I am exploring ways to improve application performance that I can only affect database level to a limited extent. SQL Server version is 2012 Service Pack 2 (SP2), and the table and view structure in question (I can not negatively affect this + note that an xml document can contain only a few hundred elements):
CREATE TABLE Orders( id nvarchar(64) NOT NULL, xmldoc xml NULL, CONSTRAINT PK_Order_id PRIMARY KEY CLUSTERED (id) ); CREATE VIEW V_Orders as SELECT a.id, a.xmldoc ,a.xmldoc.value('data(/row/c1)[1]', 'nvarchar(max)') "Stuff" ,a.xmldoc.value('data(/row/c2)[1]', 'nvarchar(max)') "OrderType" etc..... many columns from Orders a;
A typical query (and the one used for testing below):
SELECT id FROM V_Orders WHERE OrderType = '30791'
All queries are executed against the view, and I can neither influence the queries nor the structure of the table / view.
I thought adding a custom XML index to the table would be my savior:
CREATE SELECTIVE XML INDEX I_Orders_OrderType ON Orders(xmldoc) FOR( pathOrderType = '/row/c2' as SQL [nvarchar](20) )
But even after updating the statistics, the execution plan looks strange. Failed to post pic as a new account, so the relevant details as text:
In fact, with my test data, the query does not even return any results, but whether it returns one or more does not matter. The query support execution time does take as long as it can be deduced from the execution plan and has thousands of views.

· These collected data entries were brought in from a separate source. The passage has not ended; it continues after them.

(* Let $?:[0,\infty]\to[0,2]$ be the Minkowski question mark function. Then $$f(t)=\int_0^1 e^{ixt}\,d?(x)\to 0\quad\text{as } |t|\to\infty$$ if and only if the two limit equalities $$\lim_{t\to+\infty} t\int_0^\infty ?\!\left(\tfrac1x\right)\sin(xt)\,dx=2,\qquad \lim_{t\to+\infty} t\int_0^\infty ?\!\left(\tfrac1x\right)\cos(xt)\,dx=0$$ hold simultaneously.
   Context: The Minkowski question mark function is defined on $[0,1]$ by $?(0)=0$, $?(1)=1$ and, for $x=[0;a_1,a_2,a_3,\dots]$ written as a regular continued fraction (finite for rational $x$, in which case the sum is finite), $?(x)=2\sum_{i\ge1}(-1)^{i+1}2^{-(a_1+\cdots+a_i)}$. It is continuous, strictly increasing and singular. It is extended to $[0,\infty]$ by the functional equation $?(x)+?(1/x)=2$ for $x>0$, with $?(\infty)=2$; thus $?(1/x)$ takes the value $2$ at $x=0$. *)

From Stdlib Require Import Reals ZArith.
From Coquelicot Require Import Coquelicot.
Open Scope R_scope.

(* Gauss map on [0,1]: x |-> {1/x}, with 0 |-> 0 (expansion terminated). *)
Definition gauss (x : R) : R :=
  if Req_EM_T x 0 then 0 else frac_part (/ x).

Fixpoint cf_iter (x : R) (n : nat) : R :=
  match n with
  | O => x
  | S k => gauss (cf_iter x k)
  end.

(* a_{n+1} = floor (1 / x_n)  (meaningful while x_n <> 0);
   Int_part is the floor function. *)
Definition cf_digit (x : R) (n : nat) : Z := Int_part (/ cf_iter x n).

Fixpoint cf_digit_sum (x : R) (n : nat) : Z :=
  match n with
  | O => cf_digit x O
  | S k => (cf_digit_sum x k + cf_digit x (S k))%Z
  end.

(* n-th term (n = i - 1 >= 0) of the series
   ?(x) = 2 sum_{i>=1} (-1)^{i+1} 2^{-(a_1+...+a_i)};
   terms beyond the end of a finite expansion are 0. *)
Definition qm_term (x : R) (n : nat) : R :=
  if Req_EM_T (cf_iter x n) 0 then 0
  else (-1) ^ n * powerRZ 2 (- cf_digit_sum x n).

Definition qm01 (x : R) : R :=
  if Req_EM_T x 0 then 0
  else if Req_EM_T x 1 then 1
  else 2 * Series (qm_term x).

(* Extension to [0, +oo) via ?(x) + ?(1/x) = 2 (value for x < 0 is an
   irrelevant convention: 0). *)
Definition minkowski (x : R) : R :=
  if Rle_dec x 0 then 0
  else if Rle_dec x 1 then qm01 x
  else 2 - qm01 (/ x).

(* x |-> ?(1/x) on [0, +oo), with value ?(oo) = 2 at x = 0. *)
Definition minkowski_recip (x : R) : R :=
  if Req_EM_T x 0 then 2 else minkowski (/ x).

Fixpoint rs_sum (g F : R -> R) (p xi : nat -> R) (n : nat) : R :=
  match n with
  | O => 0
  | S k => rs_sum g F p xi k + g (xi k) * (F (p (S k)) - F (p k))
  end.

Definition is_RS_integral (g F : R -> R) (a b I : R) : Prop :=
  forall eps : R, 0 < eps ->
  exists delta : R, 0 < delta /\
    forall (n : nat) (p xi : nat -> R),
      p O = a -> p n = b ->
      (forall i : nat, (i < n)%nat ->
          p i <= xi i <= p (S i) /\ p (S i) - p i < delta) ->
      Rabs (rs_sum g F p xi n - I) < eps.

Definition RS_integral (g F : R -> R) (a b : R) : R :=
  iota (fun I : R => is_RS_integral g F a b I).

(* f(t) = int_0^1 e^{ixt} d?(x) = int_0^1 cos(xt) d?(x) + i int_0^1 sin(xt) d?(x) *)
Definition minkowski_char (t : R) : C :=
  (RS_integral (fun x => cos (x * t)) minkowski 0 1,
   RS_integral (fun x => sin (x * t)) minkowski 0 1).

Definition int_sin (t : R) : R :=
  RInt_gen (fun x => minkowski_recip x * sin (x * t))
           (at_point 0) (Rbar_locally p_infty).

Definition int_cos (t : R) : R :=
  RInt_gen (fun x => minkowski_recip x * cos (x * t))
           (at_point 0) (Rbar_locally p_infty).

So my question is, why is the xml selective index optimizer misused? Or is something wrong with me? How to optimize this specific query performance with selective xml indexing (or perhaps with a saved column)?
Edit: I conducted additional testing with larger sample data (~ 274 thousand rows in a table with XML documents close to average production sizes), and compared the selective XML index with an advanced column. Results are from Profiler tracing, focusing on CPU usage and number of samples. The implementation plan for selective xml indexing is basically the same as described above.
Selective XML index and 274k lines (query execution above): CPU: 6454, read: 938521
After I updated the values in the search field to be unique (total records another 274k), I got the following results:
Selective XML index and 274k lines (query execution above): CPU: 10077, read: 1006466
Then, using an advanced (i.e. constant) separately indexed column and using it directly in the view: CPU: 0, read: 23
Selective XML index performance seems to be closer to full table scans than corresponding SQL column indexing. I read somewhere that using a schema for a table can help to throw TOP TOP step away from the execution plan (provided that we are looking for a non-repeating field), but I'm not sure if this is a real possibility in this case.